You may notice that the photo I took of this Black Madonna is NOT the same statue as the Black Madonna in the blog where I’d found her first. Similar, but not the same. Another mystery never to be solved.
Courting the Ancient Feminine Part I: Greece
I recently was in Greece, on a honeymoon trip. We stayed for one night in a hotel near Athens that was (ostensibly) near the airport and (famously) near the ruins of an ancient Sanctuary of Artemis. I was pleased that I would have the time and opportunity to check out an ancient Greek temple. (I didn’t check out Wikipedia before I left, which would have been a good idea! )
Upon our arrival at the swank but deserted hotel near Athens, the lovely concierge told me that unfortunately, the Sanctuary of Artemis was closed for renovation, but the museum of the temple was open.
The next morning, when I had planned on visiting the temple, it was raining a light rain. I could have bagged it, but decided to go anyway. It was in walking distance and I was able to borrow a nice pink umbrella from the front desk, where the lovely concierge gave me directions to the temple, even though I couldn’t get in.
It was a beautiful walk, down a winding country road, in a light rain.
I followed the concierge’s walking directions until, around one bend, I could see a grove of larger trees that struck me as the place. A interpretive sign on the side of the road . . . in English, no less, let me know that this area was a wetlands, and sported a nice basic trail map. With that, I had enough information, and so took a left, on a wet and grassy trail that seemed to lead toward the grove of trees.
Indeed it soon did.
I found myself on the back side of the sanctuary grounds, with a rather permanent-looking chain link fence between me and the ruins. (I’m sure these renovation projects take years . . . )
I’d had a small premonition about what happened next.
Neat stacks of plastic-wrapped and numbered stone blocks, and a large pile of cement bags stood at the far end of the fence. I saw a workman moving the cement bags.
By now it had stopped raining, and the sun had come out.
I walked along the fenceline (took a photo) and the man saw me. Obviously I was very interested in the structure . . . he beckoned me over, opened a heavy iron gate at the very back, and let me in. He led me a little way toward the structure near the large trees, saying in broken English (better than my Greek) that I could only go "to here because of camera". Security camera.
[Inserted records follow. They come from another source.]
(* Let $A_1,\dots,A_m\in\mathbb{S}^n$, $b\in\mathbb{R}^m$, $C\in\mathbb{S}^n$, and let Assumption 1 hold for some $p$, with $m'$ the associated dimension. Let $Y\in\mathcal{M}_p$ be a second-order critical point of (P). If $\operatorname{rank}(Y)<p$, or if $\operatorname{rank}(Y)=p$ and $\dim\mathcal{F}_{YY^\top}<\frac{p(p+1)}{2}-m'+p$, then $Y$ is globally optimal for (P) and $X=YY^\top$ is globally optimal for (SDP).
   Context: $\mathbb{S}^n$ is the space of real symmetric $n\times n$ matrices; $\langle U,V\rangle=\operatorname{tr}(U^\top V)$. $\mathcal{A}:\mathbb{S}^n\to\mathbb{R}^m$, $\mathcal{A}(X)_i=\langle A_i,X\rangle$, adjoint $\mathcal{A}^*(\nu)=\sum_i\nu_iA_i$. (SDP): minimize $\langle C,X\rangle$ over $X\in\mathcal{C}=\{X\in\mathbb{S}^n:\mathcal{A}(X)=b,\ X\succeq0\}$ (assumed non-empty). $\mathcal{M}_p=\{Y\in\mathbb{R}^{n\times p}:\mathcal{A}(YY^\top)=b\}$; (P): minimize $g(Y)=\langle CY,Y\rangle$ over $\mathcal{M}_p$. Assumption 1 (for $p$ with $\mathcal{M}_p\ne\emptyset$): either (a) $A_1Y,\dots,A_mY$ are linearly independent for all $Y\in\mathcal{M}_p$, or (b) $\operatorname{span}\{A_1Y,\dots,A_mY\}$ has constant dimension for all $Y$ in an open neighborhood of $\mathcal{M}_p$ in $\mathbb{R}^{n\times p}$; in either case $m'$ denotes the dimension of $\operatorname{span}\{A_1Y,\dots,A_mY\}$ for $Y\in\mathcal{M}_p$. For $Y\in\mathcal{M}_p$: $T_Y=\{\dot Y:\langle A_iY,\dot Y\rangle=0\ \forall i\}$; $G_{ij}=\langle A_iY,A_jY\rangle$; $\mu=G^\dagger\mathcal{A}(CYY^\top)$; $S(Y)=C-\mathcal{A}^*(\mu)$. $Y$ is second-order critical if $S(Y)Y=0$ and $\langle\dot Y,S(Y)\dot Y\rangle\ge0$ for all $\dot Y\in T_Y$. A face of the convex set $\mathcal{C}$ is a convex subset $\mathcal{F}\subseteq\mathcal{C}$ such that every closed segment in $\mathcal{C}$ with a relative interior point in $\mathcal{F}$ has both endpoints in $\mathcal{F}$; for $X\in\mathcal{C}$, $\mathcal{F}_X$ is the unique face of $\mathcal{C}$ containing $X$ in its relative interior, and its dimension is that of its affine hull. *)

From HB Require Import structures.
From mathcomp Require Import all_boot all_order all_algebra.
From mathcomp Require Import reals.
Set Implicit Arguments. Unset Strict Implicit. Unset Printing Implicit Defensive.
Import Order.TTheory GRing.Theory Num.Theory.
Local Open Scope ring_scope.

Definition inner (R : realType) (k l : nat) (U V : 'M[R]_(k, l)) : R :=
  \tr (U^T *m V).

Definition frob2 (R : realType) (k l : nat) (U : 'M[R]_(k, l)) : R := inner U U.

Definition symm (R : realType) (n : nat) (X : 'M[R]_n) : Prop := X^T = X.

Definition psd (R : realType) (n : nat) (X : 'M[R]_n) : Prop :=
  forall v : 'cV[R]_n, 0 <= (v^T *m X *m v) 0 0.

Definition Aop (R : realType) (n m : nat) (A : 'I_m -> 'M[R]_n) (X : 'M[R]_n)
  : 'cV[R]_m := \col_i inner (A i) X.

Definition Aadj (R : realType) (n m : nat) (A : 'I_m -> 'M[R]_n) (nu : 'cV[R]_m)
  : 'M[R]_n := \sum_i nu i 0 *: A i.

Definition feasC (R : realType) (n m : nat) (A : 'I_m -> 'M[R]_n) (b : 'cV[R]_m)
  (X : 'M[R]_n) : Prop := symm X /\ Aop A X = b /\ psd X.

Definition Mp (R : realType) (n m p : nat) (A : 'I_m -> 'M[R]_n) (b : 'cV[R]_m)
  (Y : 'M[R]_(n, p)) : Prop := Aop A (Y *m Y^T) = b.

Definition gobj (R : realType) (n p : nat) (C : 'M[R]_n) (Y : 'M[R]_(n, p)) : R :=
  inner (C *m Y) Y.

Definition AYs (R : realType) (n m p : nat) (A : 'I_m -> 'M[R]_n) (Y : 'M[R]_(n, p))
  : seq 'M[R]_(n, p) := [seq A i *m Y | i <- enum 'I_m].

Definition AYspan (R : realType) (n m p : nat) (A : 'I_m -> 'M[R]_n)
  (Y : 'M[R]_(n, p)) : {vspace 'M[R]_(n, p)} := (<< AYs A Y >>)%VS.

Definition Assumption1 (R : realType) (n m : nat) (p : nat) (A : 'I_m -> 'M[R]_n)
  (b : 'cV[R]_m) : Prop :=
  (forall Y : 'M[R]_(n, p), Mp A b Y -> free (AYs A Y))
  \/
  (* (b) constant dimension of the span on an open neighbourhood of M_p
     (an open set containing M_p: every Y in M_p has a Euclidean ball in it) *)
  (exists (U : 'M[R]_(n, p) -> Prop) (d : nat),
     (forall Z, U Z -> exists2 eps : R, 0 < eps &
                  forall W, frob2 (W - Z) < eps -> U W) /\
     (forall Y, Mp A b Y -> U Y) /\
     (forall Y, U Y -> \dim (AYspan A Y) = d)).

Definition TY (R : realType) (n m p : nat) (A : 'I_m -> 'M[R]_n) (Y Yd : 'M[R]_(n, p))
  : Prop := forall i, inner (A i *m Y) Yd = 0.

Definition Gram (R : realType) (n m p : nat) (A : 'I_m -> 'M[R]_n) (Y : 'M[R]_(n, p))
  : 'M[R]_m := \matrix_(i, j) inner (A i *m Y) (A j *m Y).

Definition is_MP_pinv (R : realType) (m : nat) (G H : 'M[R]_m) : Prop :=
  [/\ G *m H *m G = G, H *m G *m H = H, (G *m H)^T = G *m H & (H *m G)^T = H *m G].

Definition Smat (R : realType) (n m p : nat) (A : 'I_m -> 'M[R]_n) (C : 'M[R]_n)
  (Y : 'M[R]_(n, p)) (H : 'M[R]_m) : 'M[R]_n :=
  C - Aadj A (H *m Aop A (C *m Y *m Y^T)).

(* second-order criticality (H is the (unique) pseudo-inverse of G) *)
Definition soc (R : realType) (n m p : nat) (A : 'I_m -> 'M[R]_n) (C : 'M[R]_n)
  (Y : 'M[R]_(n, p)) : Prop :=
  exists H : 'M[R]_m, is_MP_pinv (Gram A Y) H /\
    Smat A C Y H *m Y = 0 /\
    (forall Yd, TY A Y Yd -> 0 <= inner Yd (Smat A C Y H *m Yd)).

Definition convexP (R : realType) (n : nat) (F : 'M[R]_n -> Prop) : Prop :=
  forall P Q (t : R), F P -> F Q -> 0 <= t -> t <= 1 -> F ((1 - t) *: P + t *: Q).

Definition is_face (R : realType) (n : nat) (K F : 'M[R]_n -> Prop) : Prop :=
  (forall X, F X -> K X) /\ convexP F /\
  (forall P Q : 'M[R]_n,
     (forall s : R, 0 <= s -> s <= 1 -> K ((1 - s) *: P + s *: Q)) ->
     (exists2 t : R, 0 < t < 1 & F ((1 - t) *: P + t *: Q)) ->
     F P /\ F Q).

Definition diffs (R : realType) (n : nat) (X0 : 'M[R]_n) (s : seq 'M[R]_n)
  : seq 'M[R]_n := [seq W - X0 | W <- s].

Definition in_aff (R : realType) (n : nat) (F : 'M[R]_n -> Prop) (Z : 'M[R]_n) : Prop :=
  exists (X0 : 'M[R]_n) (s : seq 'M[R]_n),
    F X0 /\ (forall W, W \in s -> F W) /\
    (Z - X0) \in (<< diffs X0 s >>)%VS.

Definition relint (R : realType) (n : nat) (F : 'M[R]_n -> Prop) (X : 'M[R]_n) : Prop :=
  F X /\ exists2 eps : R, 0 < eps &
    forall Z, in_aff F Z -> frob2 (Z - X) < eps -> F Z.

Definition affdim (R : realType) (n : nat) (F : 'M[R]_n -> Prop) (d : nat) : Prop :=
  (exists (X0 : 'M[R]_n) (s : seq 'M[R]_n),
     F X0 /\ (forall W, W \in s -> F W) /\
     \dim (<< diffs X0 s >>)%VS = d) /\
  (forall (X0 : 'M[R]_n) (s : seq 'M[R]_n),
     F X0 -> (forall W, W \in s -> F W) ->
     (\dim (<< diffs X0 s >>)%VS <= d)%N).

From HB Require Import structures.
From mathcomp Require Import all_boot all_order all_algebra.
From mathcomp Require Import reals boolp.
From mathcomp Require Import ring lra zify.
Set Implicit Arguments. Unset Strict Implicit. Unset Printing Implicit Defensive.
Import Order.TTheory GRing.Theory Num.Theory.
Local Open Scope ring_scope.

(* The matrix S = S(Y) is symmetric, satisfies S Y = 0, and C = S + A^*(mu).  It
   is therefore a dual certificate: for feasible X, <C, X> - <C, Y Y^T> = <S, X>,
   which is >= 0 as soon as S is positive semidefinite; optimality of Y Y^T for
   (SDP) then gives optimality of Y for (P).
   Second-order criticality along a tangent direction Y K + v r with r <> 0
   gives (v^T S v) |r|^2 >= 0.  If rank Y < p, take K = 0 and r <> 0 with
   r Y^T = 0.  If rank Y = p and v is not in the range of Y, count dimensions:
   Y Sym + v R^p has dimension p(p+1)/2 + p and tangency costs at most m' of
   them, whereas tangent directions inside Y Sym yield feasible directions
   Y K Y^T of the face F = {Y M Y^T feasible}, of which there are at most dim F;
   the hypothesis on dim F leaves room for a tangent direction with r <> 0. *)

Section InnerProduct.
Variable R : realType.
Implicit Types k l : nat.

Lemma innerE k l (U V : 'M[R]_(k, l)) : inner U V = \sum_i \sum_j U i j * V i j.
Proof.
rewrite /inner /mxtrace exchange_big; apply: eq_bigr => j _.
by rewrite mxE; apply: eq_bigr => i _; rewrite !mxE.
Qed.

Lemma innerC k l (U V : 'M[R]_(k, l)) : inner U V = inner V U.
Proof. by rewrite !innerE; apply: eq_bigr => i _; apply: eq_bigr => j _; rewrite mulrC. Qed.

Lemma innerDr k l (U V W : 'M[R]_(k, l)) : inner U (V + W) = inner U V + inner U W.
Proof. by rewrite /inner mulmxDr mxtraceD. Qed.

Lemma innerZr k l (U V : 'M[R]_(k, l)) a : inner U (a *: V) = a * inner U V.
Proof. by rewrite /inner -scalemxAr mxtraceZ. Qed.

Lemma innerNr k l (U V : 'M[R]_(k, l)) : inner U (- V) = - inner U V.
Proof. by rewrite -scaleN1r innerZr mulN1r. Qed.

Lemma innerBr k l (U V W : 'M[R]_(k, l)) : inner U (V - W) = inner U V - inner U W.
Proof. by rewrite innerDr innerNr. Qed.

Lemma inner0r k l (U : 'M[R]_(k, l)) : inner U 0 = 0.
Proof. by rewrite /inner mulmx0 mxtrace0. Qed.

Lemma inner_sumr k l (I : finType) (U : 'M[R]_(k, l)) (F : I -> 'M[R]_(k, l)) :
  inner U (\sum_i F i) = \sum_i inner U (F i).
Proof. by elim/big_rec2: _ => [|i x y _ <-]; rewrite ?inner0r ?innerDr. Qed.

Lemma innerDl k l (U V W : 'M[R]_(k, l)) : inner (V + W) U = inner V U + inner W U.
Proof. by rewrite innerC innerDr !(innerC U). Qed.

Lemma innerZl k l (U V : 'M[R]_(k, l)) a : inner (a *: V) U = a * inner V U.
Proof. by rewrite innerC innerZr innerC. Qed.

Lemma inner0l k l (U : 'M[R]_(k, l)) : inner 0 U = 0.
Proof. by rewrite innerC inner0r. Qed.

Lemma inner_self_ge0 k l (U : 'M[R]_(k, l)) : 0 <= inner U U.
Proof. by rewrite innerE; do 2!(apply: sumr_ge0 => ? _); rewrite -expr2 sqr_ge0. Qed.

Lemma inner_self_eq0 k l (U : 'M[R]_(k, l)) : inner U U = 0 -> U = 0.
Proof.
have sq_ge0 (x : R) : 0 <= x * x by rewrite -expr2 sqr_ge0.
rewrite innerE => /eqP; rewrite psumr_eq0 => [/allP U0|i _]; last exact: sumr_ge0.
apply/matrixP => i j; have /implyP/(_ isT) := U0 i (mem_index_enum _).
rewrite psumr_eq0 // => /allP/(_ j (mem_index_enum _)).
by rewrite mxE mulf_eq0 orbb => /eqP.
Qed.

Lemma inner_mulmxl k l q (U : 'M[R]_(k, l)) (X : 'M[R]_(k, q)) (V : 'M[R]_(q, l)) :
  inner U (X *m V) = inner (X^T *m U) V.
Proof. by rewrite /inner trmx_mul trmxK mulmxA. Qed.

Lemma inner_mulmxr k l q (U : 'M[R]_(k, l)) (V : 'M[R]_(k, q)) (X : 'M[R]_(q, l)) :
  inner U (V *m X) = inner (U *m X^T) V.
Proof. by rewrite /inner mulmxA mxtrace_mulC mulmxA trmx_mul trmxK. Qed.

Lemma inner_trmx k l (U V : 'M[R]_(k, l)) : inner U^T V^T = inner U V.
Proof. by rewrite /inner trmxK -mxtrace_tr trmx_mul trmxK mxtrace_mulC. Qed.

Lemma inner_col k (x v : 'cV[R]_k) : inner x v = (x^T *m v) 0 0.
Proof. exact: trace_mx11. Qed.

Lemma inner_delta k (i : 'I_k) (v : 'cV[R]_k) : inner (delta_mx i 0) v = v i 0.
Proof. by rewrite inner_col trmx_delta -rowE mxE. Qed.

Lemma inner_mulmx_row k l (v w : 'cV[R]_k) (r : 'rV[R]_l) :
  inner (v *m r) (w *m r) = inner v w * inner r^T r^T.
Proof.
rewrite inner_mulmxr -mulmxA [r *m r^T]mx11_scalar mul_mx_scalar innerZl mulrC.
by rewrite [inner r^T _]inner_col trmxK.
Qed.

Lemma quadratic_ge0_discriminant (a b c : R) :
  0 <= c -> (forall s, 0 <= a + 2 * s * b + s ^+ 2 * c) -> b ^+ 2 <= a * c.
Proof.
move=> c_ge0 q_ge0; have [c0|c_neq0] := eqVneq c 0.
  rewrite c0 in q_ge0 *.
  have [->|b_neq0] := eqVneq b 0; first by rewrite expr0n mulr0.
  have := q_ge0 (- (a + 1) / (2 * b)).
  have -> : 2 * (- (a + 1) / (2 * b)) * b = - (a + 1) by field; rewrite b_neq0.
  rewrite mulr0 addr0; lra.
have c_gt0 : 0 < c by rewrite lt_def c_neq0.
have := q_ge0 (- b / c).
have -> : a + 2 * (- b / c) * b + (- b / c) ^+ 2 * c = a - b ^+ 2 / c by field.
by rewrite subr_ge0 ler_pdivrMr.
Qed.

Lemma inner_cauchy_schwarz k l (U V : 'M[R]_(k, l)) :
  inner U V ^+ 2 <= inner U U * inner V V.
Proof.
apply: quadratic_ge0_discriminant; first exact: inner_self_ge0.
move=> s; have := inner_self_ge0 (U + s *: V).
rewrite !innerDl !innerDr !innerZl !innerZr (innerC V U); lra.
Qed.

End InnerProduct.

Section PositiveSemidefinite.
Variable R : realType.
Implicit Types k : nat.

Lemma qformE k (X : 'M[R]_k) (v : 'cV[R]_k) : (v^T *m X *m v) 0 0 = inner v (X *m v).
Proof. by rewrite inner_col mulmxA. Qed.

Lemma psd_qform_ge0 k (X : 'M[R]_k) (v : 'cV[R]_k) : psd X -> 0 <= inner v (X *m v).
Proof. by move=> pX; rewrite -qformE. Qed.

Lemma psd_diag_ge0 k (X : 'M[R]_k) j : psd X -> 0 <= X j j.
Proof. by move/(psd_qform_ge0 (delta_mx j 0)); rewrite -colE inner_delta mxE. Qed.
I paid attention to what I felt in this place. From some inside place, this is what I sensed the place might have said to me:
“I am here. It matters to me not whether I’m being renovated. It matters to me not if you come visit me. I am about my own business.”
A strong, almost imperious Feminine energy. I liked this Artemis.
“Artemis was bathing in the woods when the hunter Actaeon stumbled across her, thus seeing her naked. He stopped and stared, amazed at her ravishing beauty. Discovering she had been seen, Artemis became angry and forbade Actaeon to speak. If he tried to speak, he would be changed into a stag, she warned. Upon hearing the call of his hunting party, he called out to them . . . and was immediately changed into a stag. He fled into the woods. Stopping briefly at a pond, Actaeon saw his reflection and moaned in fear, moments before the hounds of his own hunting party sprang upon him and tore him to pieces, as he raised his eyes to Mount Olympus.” —Wikipedia, with my edits.